Однако способ включения индивидуума в среду различен у растения и животного. Растение, по Плеснеру, имеет открытую форму включения, а животное — закрытую. Открытая форма характеризуется более непосредственным взаимодействием среды и растения, меньшей дифференциацией частей, участвующих в обмене со средой, сохранением возможности уже пройденных ступеней развития («растение никогда не закончено»). Закрытая форма у животного характеризуется опосредованным способом включения в среду, и этим средством становится тело животного: «Тело становится промежуточным слоем между живым существом и средой»13. Другими словами, целое животного производит некоторую дифференциацию пространства: выявляются внутренние, внешние части и средостение. Эта опосредованность сказывается также и в далеко идущей дифференцированности органов животного, в относительной автономности систем питания, размножения, кровоснабжения и т. д. Усложненность внутренней структуры и дифференцированность органов связана с возникновением центра животного существа, осуществляющего и репрезентирующего целостность организма животного: «Как единичная вещь, как индивидуум животное позиционально образует некоторое “здесь-теперь”, которому концентрически противостоят внешнее поле и его собственное тело и из которого осуществляются воздействия на его собственное тело и внешнее поле»14. Это «здесь и теперь», эта центрированность животного, воспринимающего все по отношению к собственному центру, к собственной душе, находящейся в теле, является характерологической чертой жизни на уровне животного.

Человек же, в свою очередь также принадлежащий отчасти животному миру, осознает эту свою центрированность и тем самым выходит за ее пределы. «Если жизнь животного центрична, то жизнь человеческая, неспособная разорвать эту центричность, но в то же время ее преодолевающая, эксцентрична. Эксцентричность представляет собой характерную для человека форму его фронтальной расположенности относительно окружающего поля». Человек, в отличие от животного, не ограничивается уже просто осознанием своего существования в теле, в такой же степени человек существует и вне своего тела, активно осваивая и преобразуя всю окружающую среду. Но ни внутри тела, ни вне его человек не находит себя «у себя», «дома», нахождение этого дома представляет для него проблему. Непосредственно он находит себя скорее в «нигде и никогда», и эта бесприютность, безвременность человеческого существования представляет собой центральную проблему его жизни. Соответственно этому формулирует Плеснер и основные законы человеческого существования. Закон естественной искусственности прямо следует из эксцентричности человеческого существования: лишенный какой-нибудь сущности, каждый человек должен еще только стать тем, кем он является. Библейская нагота человека истолковывается Плеснером

13 ПлеснерХ. Ступени органического и человек... С. 205.

14 Там же. С. 212.

как отсутствие всякой определенности в человеческом существовании. Эта определенность выступает для каждого как задача, как проблема, которую человек должен решать постоянно. В этом же лежат, по Плеснеру, и фундаментальные корни культуры: человек не может удовлетвориться преднаходимой природой, в которой у него нет места; он должен создать новую природу, новую среду своего обитания. О том же говорит и закон утопического местоположения: у человека нет своего места в этом мире, поэтому он может только или проектировать это место в будущем — Царство Божие, «светлое будущее» и т. д., — или горевать о его потере в прошлом — Рай, Золотой век и т. д.

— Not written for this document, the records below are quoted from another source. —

(* Let $k=\mathbb{F}_q$ with $q$ odd, $q>3$, $n\ge1$, $A=M_{2n}(k)$, $J_{2n}=\begin{pmatrix}0&I_n\\-I_n&0\end{pmatrix}$, $a^{\sim}=J_{2n}a^tJ_{2n}^{-1}$. Let $V=k^{2n}$ (row vectors) with $[x,y]=x\,(yJ_{2n})^{t}$, let $M=V^2$ with right $A$-action $(x,y)a=(xa,ya)$, let $\psi$ be a nontrivial character of $(k,+)$, and define $\chi((x,y),(v,z))=\psi([x,z]-[y,v])$ and $\gamma(u,(x,y))=\psi([xu,y])$ for $u\in A$ with $u^{\sim}=u$. Let $\mathrm{U}(\gamma,\chi)$ be the group of all $A$-linear automorphisms $\beta$ of $M$ such that $\gamma(u,\beta(m))=\gamma(u,m)$ for all $u\in A$ with $u^\sim=u$ and all $m\in M$, and $\chi(\beta(m),\beta(m'))=\chi(m,m')$ for all $m,m'\in M$. Then $\mathrm{U}(\gamma,\chi)\cong\mathrm{SL}_2(k)$. *)

From HB Require Import structures.
From mathcomp Require Import all_boot all_order all_algebra all_field.
Set Implicit Arguments. Unset Strict Implicit. Unset Printing Implicit Defensive.
Import Order.TTheory GRing.Theory Num.Theory.
Local Open Scope ring_scope.

Section Defs.
Variables (k : fieldType) (n : nat).

Definition Jmat : 'M[k]_(n + n) := block_mx 0 1%:M (- 1%:M) 0.

Definition tildemx (a : 'M[k]_(n + n)) : 'M[k]_(n + n) :=
  Jmat *m a^T *m invmx Jmat.

Definition sform (x y : 'rV[k]_(n + n)) : k := (x *m (y *m Jmat)^T) 0 0.

Definition Mod := ('rV[k]_(n + n) * 'rV[k]_(n + n))%type.

Definition mact (m : Mod) (a : 'M[k]_(n + n)) : Mod := (m.1 *m a, m.2 *m a).

Definition madd (m m' : Mod) : Mod := (m.1 + m'.1, m.2 + m'.2).

Definition chiM (psi : k -> algC) (m m' : Mod) : algC :=
  psi (sform m.1 m'.2 - sform m.2 m'.1).

Definition gammaM (psi : k -> algC) (u : 'M[k]_(n + n)) (m : Mod) : algC :=
  psi (sform (m.1 *m u) m.2).

Definition A_linear_aut (b : Mod -> Mod) : Prop :=
  [/\ bijective b,
      (forall m m', b (madd m m') = madd (b m) (b m')) &
      (forall m a, b (mact m a) = mact (b m) a)].

Definition in_U (psi : k -> algC) (b : Mod -> Mod) : Prop :=
  [/\ A_linear_aut b,
      (forall u, tildemx u = u -> forall m, gammaM psi u (b m) = gammaM psi u m) &
      (forall m m', chiM psi (b m) (b m') = chiM psi m m')].

End Defs.

Definition nontriv_add_char (k : fieldType) (psi : k -> algC) : Prop :=
  [/\ (forall a b, psi (a + b) = psi a * psi b),
      (forall a, psi a != 0) &
      exists a, psi a != 1].

(** The matrix g = [[a, b], [c, d]] acts on M = V^2 by (x, y) |-> (a x + b y, c x + d y).
    This action commutes with the right A-action, and it multiplies by det g both the
    pairing [x, z] - [y, v] underlying chi and the form [x u, y] underlying gamma; the
    latter is alternating for u = u^~ because 2 is invertible in k.  Conversely V is a
    cyclic A-module, generated by any basis row vector e, so an A-linear endomorphism of
    V^2 is determined by the images of (e, 0) and (0, e) and is therefore such a matrix
    action.  Invariance of chi then gives psi (det g * t) = psi t for all t, which forces
    det g = 1 since psi is nontrivial. *)

From HB Require Import structures.
From mathcomp Require Import all_boot all_order all_algebra all_field.
From mathcomp Require Import fingroup cyclic ring.
Set Implicit Arguments. Unset Strict Implicit.
Import Order.TTheory GRing.Theory Num.Theory.
Local Open Scope ring_scope.

Lemma ord2_cases (i : 'I_2) : i = ord0 \/ i = ord_max.
Proof. by case: i => [[|[|//]]] ?; [left | right]; apply: val_inj. Qed.

Lemma lift0_ord_max : lift ord0 (ord0 : 'I_1) = ord_max :> 'I_2.
Proof. exact: val_inj. Qed.

Lemma det_mx2 (R : comPzRingType) (g : 'M[R]_2) :
  \det g = g ord0 ord0 * g ord_max ord_max - g ord0 ord_max * g ord_max ord0.
Proof.
rewrite (expand_det_row _ ord0) !big_ord_recl big_ord0 /cofactor !det_mx11 !mxE /=.
rewrite !lift0_ord_max (_ : lift ord_max _ = ord0); last exact: val_inj.
by rewrite /bump /= expr0 expr1; ring.
Qed.

Lemma mulmx2E (R : comPzRingType) (g h : 'M[R]_2) i j :
  (g *m h) i j = g i ord0 * h ord0 j + g i ord_max * h ord_max j.
Proof. by rewrite !mxE !big_ord_recl big_ord0 lift0_ord_max addr0. Qed.

Lemma two_neq0_odd_card (F : finFieldType) : odd #|F| -> 2%:R != 0 :> F.
Proof.
move=> oddF; apply: contraTneq oddF => two0.
have o1_dvd2 : (#[(1 : F)%R]%g %| 2)%N by rewrite order_dvdn FinRing.zmodXgE two0.
have /primeP[_ /(_ _ o1_dvd2)/orP[|/eqP o1_2]] : prime 2 by [].
  by rewrite order_eq1 oner_eq0.
by rewrite -dvdn2 -o1_2 -cardsT order_dvdG ?inE.
Qed.

Lemma nontriv_char_scale_eq1 (k : fieldType) (psi : k -> algC) (c : k) :
  nontriv_add_char psi -> (forall t, psi (c * t) = psi t) -> c = 1.
Proof.
case=> psiD psi_neq0 [a psia_neq1] psi_c; apply/eqP; apply: contraLR psia_neq1.
rewrite negbK -subr_eq0 => c1_neq0.
have shift : c * (a / (c - 1)) = a / (c - 1) + a by field; rewrite c1_neq0.
have := psi_c (a / (c - 1)); rewrite shift psiD -[X in _ = X]mulr1.
by move=> /(mulfI (psi_neq0 _)) ->.
Qed.

Section SymplecticForm.
Variables (k : fieldType) (n : nat).
Local Notation V := 'rV[k]_(n + n).
Local Notation J := (Jmat k n).

Lemma sformDl (a b : k) (x y z : V) :
  sform (a *: x + b *: y) z = a * sform x z + b * sform y z.
Proof. by rewrite /sform mulmxDl -!scalemxAl !mxE. Qed.

Lemma sformDr (a b : k) (x y z : V) :
  sform z (a *: x + b *: y) = a * sform z x + b * sform z y.
Proof. by rewrite /sform mulmxDl !linearD /= -!scalemxAl !linearZ /= !mxE. Qed.

Lemma sform0l (y : V) : sform 0 y = 0.
Proof. by rewrite /sform mul0mx mxE. Qed.

Lemma mulmx_JJ : J *m J = - 1%:M.
Proof.
rewrite /Jmat mulmx_block !mulmx0 !mul0mx !mulmx1 !mul1mx !addr0 !add0r.
by rewrite (scalar_mx_block n n 1) opp_block_mx oppr0.
Qed.

Lemma Jmat_unit : J \in unitmx.
Proof. by case: (@mulmx1_unit _ _ J (- J)); rewrite // mulmxN mulmx_JJ opprK. Qed.

Lemma trmx_Jmat : J^T = - J.
Proof.
by rewrite /Jmat tr_block_mx !trmx0 trmx1 linearN /= trmx1 opp_block_mx !oppr0 opprK.
Qed.

Lemma sformE (x y : V) : sform x y = - (x *m J *m y^T) 0 0.
Proof. by rewrite /sform trmx_mul trmx_Jmat mulNmx mulmxN mulmxA mxE. Qed.

Lemma sform_invJ (x y : V) : sform x (y *m invmx J) = (x *m y^T) 0 0.
Proof. by rewrite /sform -mulmxA mulVmx ?Jmat_unit // mulmx1. Qed.

Lemma tildemx_fixed_mulmxJ u : tildemx u = u -> u *m J = J *m u^T.
Proof.
by move=> u_fixed; rewrite -{1}u_fixed /tildemx -mulmxA mulVmx ?Jmat_unit // mulmx1.
Qed.

Lemma sform_tildemx_skew u (x y : V) :
  tildemx u = u -> sform (y *m u) x = - sform (x *m u) y.
Proof.
move=> u_fixed; rewrite !sformE opprK.
have tr : (x *m u *m J *m y^T)^T = - (y *m u *m J *m x^T).
  rewrite !trmx_mul !trmxK trmx_Jmat !mulNmx !mulmxN !mulmxA.
  by rewrite -(mulmxA y) tildemx_fixed_mulmxJ // !mulmxA.
have -> : (x *m u *m J *m y^T) 0 0 = (x *m u *m J *m y^T)^T 0 0 by rewrite [RHS]mxE.
by rewrite tr [RHS]mxE.
Qed.

Lemma sform_tildemx_alt u (x : V) :
  2%:R != 0 :> k -> tildemx u = u -> sform (x *m u) x = 0.
Proof.
move=> two_neq0 u_fixed; apply/eqP; rewrite -(mulrI_eq0 _ (mulfI two_neq0)).
by rewrite mulr_natl mulr2n {1}(sform_tildemx_skew x x u_fixed) addNr.
Qed.

End SymplecticForm.

Section MatrixAction.
Variables (k : fieldType) (n : nat).

Definition mx2_act (g : 'M[k]_2) (m : Mod k n) : Mod k n :=
  (g ord0 ord0 *: m.1 + g ord0 ord_max *: m.2,
   g ord_max ord0 *: m.1 + g ord_max ord_max *: m.2).

Lemma mx2_actM g h m : mx2_act (g *m h) m = mx2_act g (mx2_act h m).
Proof.
by rewrite /mx2_act /= !mulmx2E; congr (_, _); apply/rowP => j; rewrite !mxE; ring.
Qed.

Lemma mx2_act1 m : mx2_act 1%:M m = m.
Proof. by case: m => x y; congr (_, _); apply/rowP => j; rewrite !mxE /=; ring. Qed.

Lemma mx2_actD g m m' : mx2_act g (madd m m') = madd (mx2_act g m) (mx2_act g m').
Proof. by congr (_, _); apply/rowP => j; rewrite !mxE; ring. Qed.

Lemma mx2_act_mact g m a : mx2_act g (mact m a) = mact (mx2_act g m) a.
Proof. by rewrite /mx2_act /mact /= !mulmxDl -!scalemxAl. Qed.

Lemma mx2_act_A_linear_aut g : g \in unitmx -> A_linear_aut (mx2_act g).
Proof.
move=> g_unit; split; [|exact: mx2_actD | exact: mx2_act_mact].
by exists (mx2_act (invmx g)) => m; rewrite -mx2_actM ?mulVmx ?mulmxV ?mx2_act1.
Qed.

Lemma mx2_act_pairing g m m' :
  sform (mx2_act g m).1 (mx2_act g m').2 - sform (mx2_act g m).2 (mx2_act g m').1
  = \det g * (sform m.1 m'.2 - sform m.2 m'.1).
Proof. by rewrite /= !sformDl !sformDr det_mx2; ring. Qed.

Lemma mx2_act_tildemx_form g u m : 2%:R != 0 :> k -> tildemx u = u ->
  sform ((mx2_act g m).1 *m u) (mx2_act g m).2 = \det g * sform (m.1 *m u) m.2.
Proof.
move=> two_neq0 u_fixed; rewrite /= mulmxDl -!scalemxAl sformDl !sformDr.
by rewrite !sform_tildemx_alt // (sform_tildemx_skew m.1 m.2 u_fixed) det_mx2; ring.
Qed.

End MatrixAction.

Section BasisVector.
Variables (k : fieldType) (n : nat) (i0 : 'I_(n + n)).
Local Notation e0 := (delta_mx 0 i0 : 'rV[k]_(n + n)).

Lemma mulmx_e0_trmx : e0 *m e0^T = 1%:M.
Proof. by rewrite trmx_delta mul_delta_mx; apply/matrixP => i j; rewrite !ord1 !mxE. Qed.

Lemma mulmx_trmx_e0 (p x : 'rV[k]_(n + n)) : p *m (e0^T *m x) = p 0 i0 *: x.
Proof.
by rewrite mulmxA trmx_delta -colE {1}[col _ _]mx11_scalar mul_scalar_mx mxE.
Qed.

Definition A_linear_mx (b : Mod k n -> Mod k n) : 'M[k]_2 :=
  let p := b (e0, 0) in let q := b (0, e0) in
  \matrix_(i, j) (if i == ord0 then if j == ord0 then p.1 else q.1
                  else if j == ord0 then p.2 else q.2) 0 i0.

Lemma A_linear_mxE (b : Mod k n -> Mod k n) :
  (forall m m', b (madd m m') = madd (b m) (b m')) ->
  (forall m a, b (mact m a) = mact (b m) a) ->
  forall m, b m = mx2_act (A_linear_mx b) m.
Proof.
move=> bD bA [x y].
have xyE : (x, y) = madd (mact (e0, 0) (e0^T *m x)) (mact (0, e0) (e0^T *m y)).
  by rewrite /madd /mact /= !mul0mx !mulmxA mulmx_e0_trmx !mul1mx addr0 add0r.
by rewrite {1}xyE bD !bA /madd /mact /mx2_act /A_linear_mx /= !mulmx_trmx_e0 !mxE.
Qed.

Lemma mx2_act_inj g h : (forall m : Mod k n, mx2_act g m = mx2_act h m) -> g = h.
Proof.
move=> gh; have coord m := congr1 (fun m : Mod k n => (m.1 0 i0, m.2 0 i0)) (gh m).
move: (coord (e0, 0)) (coord (0, e0)); rewrite /mx2_act /= !mxE /= eqxx.
rewrite !mulr1 !mulr0 !addr0 !add0r => -[g00 g10] [g01 g11].
by apply/matrixP => i j; case: (ord2_cases i) => ->; case: (ord2_cases j) => ->.
Qed.

Lemma det_eq1_of_chi_invariant (psi : k -> algC) g :
  nontriv_add_char psi ->
  (forall m m' : Mod k n, chiM psi (mx2_act g m) (mx2_act g m') = chiM psi m m') ->
  \det g = 1.
Proof.
move=> psi_char g_chi; apply: (nontriv_char_scale_eq1 psi_char) => t.
have := g_chi (t *: e0, 0) (0, e0 *m invmx (Jmat k n)).
rewrite /chiM mx2_act_pairing /= sform_invJ sform0l subr0.
by rewrite -scalemxAl mulmx_e0_trmx !mxE mulr1.
Qed.

End BasisVector.

Theorem mainTheorem5 (k : finFieldType) (n : nat) (psi : k -> algC) :
  odd #|k| -> (3 < #|k|)%N -> (1 <= n)%N -> nontriv_add_char psi ->
  exists f : 'M[k]_2 -> Mod k n -> Mod k n,
    [/\ (forall g, \det g = 1 -> in_U psi (f g)),
        (forall b, in_U psi b -> exists g, \det g = 1 /\ forall m, f g m = b m),
        (forall g h, \det g = 1 -> \det h = 1 ->
           (forall m, f g m = f h m) -> g = h) &
        (forall g h, \det g = 1 -> \det h = 1 ->
           forall m, f (g *m h) m = f g (f h m))].
Proof.
move=> odd_k _ n_gt0 psi_char.
have two_neq0 := two_neq0_odd_card odd_k.
pose i0 : 'I_(n + n) := Ordinal (leq_trans n_gt0 (leq_addr n n)).
exists (@mx2_act k n); split.
- move=> g det_g; split.
  + by apply: mx2_act_A_linear_aut; rewrite unitmxE det_g unitr1.
  + by move=> u u_fixed m; rewrite /gammaM mx2_act_tildemx_form // det_g mul1r.
  + by move=> m m'; rewrite /chiM mx2_act_pairing det_g mul1r.
- move=> b [[_ bD bA] _ b_chi].
  have bE := A_linear_mxE i0 bD bA.
  exists (A_linear_mx i0 b); split=> [|m]; last by rewrite bE.
  by apply: (det_eq1_of_chi_invariant i0 psi_char) => m m'; rewrite -!bE.
- by move=> g h _ _ gh; exact: (mx2_act_inj i0 gh).
- by move=> g h _ _ m; apply: mx2_actM.
Qed.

Человек, по Плеснеру, существует не как тело (неорганическая материя, растение), не как душа (в теле животного), а как некая «точка зрения», находящаяся «вне тела», «выше тела». Эксцентричность его существования не позволяет ему отождествить себя ни с телесностью, ни с какой бы то ни было глубиной внутренних переживаний — человек всегда остается «недовоплощенным». В этом смысле он принадлежит, по Плеснеру, некоторому промежуточному, сопредельному миру. Свойства последнего, однако, парадоксальны и не позволяют, так сказать, разрешить радикальный парадокс человеческого существования. «Сопредельный мир не окружает личность, как это делает (пусть даже не в столь строгом смысле, поскольку сюда относится и собственная плоть человека) природа. Но он также и не наполняет личность, как это можно было бы равно неадекватным образом сказать о внутреннем мире. Сопредельный мир несет на себе личность, будучи в то же время несомым и конструируемым ею»15. Сопредельный мир у Плеснера представляет собой своеобразную сферу Мы-бытия. Здесь человек существует в качестве духа. В сопредельном мире теряют значения пространственно-временные различия: каждый дух находится непосредственно перед лицом другого. Более того. «В сопредельном мире имеется только один человек, точнее говоря, сопредельный мир существует как один человек. Он представляет собой абсолютную точечную структуру, в которой все, что носит человеческий облик, остается изначально связанным, даже если витальный базис распадается на отдельные живые существа. Он предстает как сфера взаимоотношений и полной открытости, в которой встречают друг друга все человеческие вещи»16. Однако эта открытость отнюдь не означает преодоления человеческой эксцентричности и бездомности. Благодаря полемической противопоставленности различных точек зрения в духовной сфере это чувство бездомности разве что возрастает.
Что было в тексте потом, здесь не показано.